_YOUR TASK:_ Looking at the data below, report how many lines contain "apply", with no other words.
:::
Lemma holds_cell t a b s : holds C e (cell_fm t a b s) =
  C (cell_key (term_val e t) (term_val e a) (term_val e b) (term_val e s)).
Proof. by []. Qed.

Lemma holds_return n r k : holds C e (return_fm n r k) =
  C (return_key (term_val e n) (term_val e r) (term_val e k)).
Proof. by []. Qed.

Lemma holds_suffix j v : holds C e (suffix_fm j v) =
  C (suffix_key (term_val e j) (term_val e v)).
Proof. by []. Qed.

End KeyFormulas.

Definition keyE := (holds_cell, holds_return, holds_suffix).

Definition idx (S : finType) (c : S) : nat := enum_rank c.

Lemma idx_inj (S : finType) : injective (@idx S).
Proof. by move=> c d /val_inj /enum_rank_inj. Qed.

Lemma idx_lt (S : finType) (c : S) : idx c < #|S|.
Proof. exact: ltn_ord. Qed.

Section Constraints.
Variables (S : finType) (rho : nat) (Phi : ((rho + rho).+1).-tuple S -> S).
Local Notation N := #|S|.

Section Semantics.
Variable C : nat -> bool.

Definition one_symbol t a b :=
  (exists2 s, s < N & C (cell_key t a b s)) /\
  (forall s s', s < N -> s' < N -> C (cell_key t a b s) -> C (cell_key t a b s') -> s = s').

Definition shift_invariant t a b :=
  forall s, s < N -> C (cell_key t a b s) = C (cell_key t a.+1 b.+1 s).
Lemma covered_join_of_meetands (k : nat) :
  (forall s w, s \in Gs X k -> w \in Hs X k -> w <= s -> s <= a1 `|` a2 ->
     covered (k + N) w (b1 `|` b2)) ->
  forall w, w \in Hs X k -> w <= a1 `|` a2 -> covered (k + N) w (b1 `|` b2).
Proof.
move=> Hmeetand w Hw Hwa; have /mem_meets_of [[|s0 S] HU Hbw] := Hw.
  by apply: covered_weaken (cover_top Hbw Hwa) => //; apply: leq_addl.
move: Hbw Hw Hwa => /= [<-] Hw Hwa.
case: (whitman_le_join2 whitmanA Hwa) => [[s Hs Hsa] | Hw1 | Hw2].
- exact: Hmeetand (HU _ Hs) Hw (foldr_meet_le Hs) Hsa.
- exact: covered_below_part Hw (or_introl Hw1).
- exact: covered_below_part Hw (or_intror Hw2).
Qed.

Lemma covered_below_generator (s w : A) :
  s \in Gs X 0 -> w \in Hs X 0 -> w <= s -> s <= a1 `|` a2 ->
  covered N w (b1 `|` b2).
Proof.
move=> Hs Hw Hws /(jpX Hs) Hsa; apply: (covered_below_part (k := 0)) => //.
by case: Hsa => Hsa; [left | right]; apply: le_trans Hsa.
Qed.

Lemma covered_below_join (k : nat) :
  (forall w, w \in Hs X k -> w <= a1 `|` a2 -> covered (k + N) w (b1 `|` b2)) ->
  forall s w, s \in Gs X k.+1 -> w \in Hs X k.+1 -> w <= s -> s <= a1 `|` a2 ->
    covered (k.+1 + N) w (b1 `|` b2).
Proof.
move=> IHk s w /mem_joins_of [[|v0 V] HV Hbs] Hw Hws Hsa.
  apply: covered_below_part => //; left.
  exact: le_trans Hws (ge_meet_generators genX Hbs a1).
move: Hbs Hws Hsa => /= [<-] Hws Hsa.
rewrite addSn; apply: (covered_weaken (leqnn _) Hws (lexx _)).
apply: covered_join => u Hu.
by apply: IHk; [apply: HV | apply: le_trans Hsa; apply: foldr_join_ge].
Qed.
:::
_TASK OUTPUT:_ 7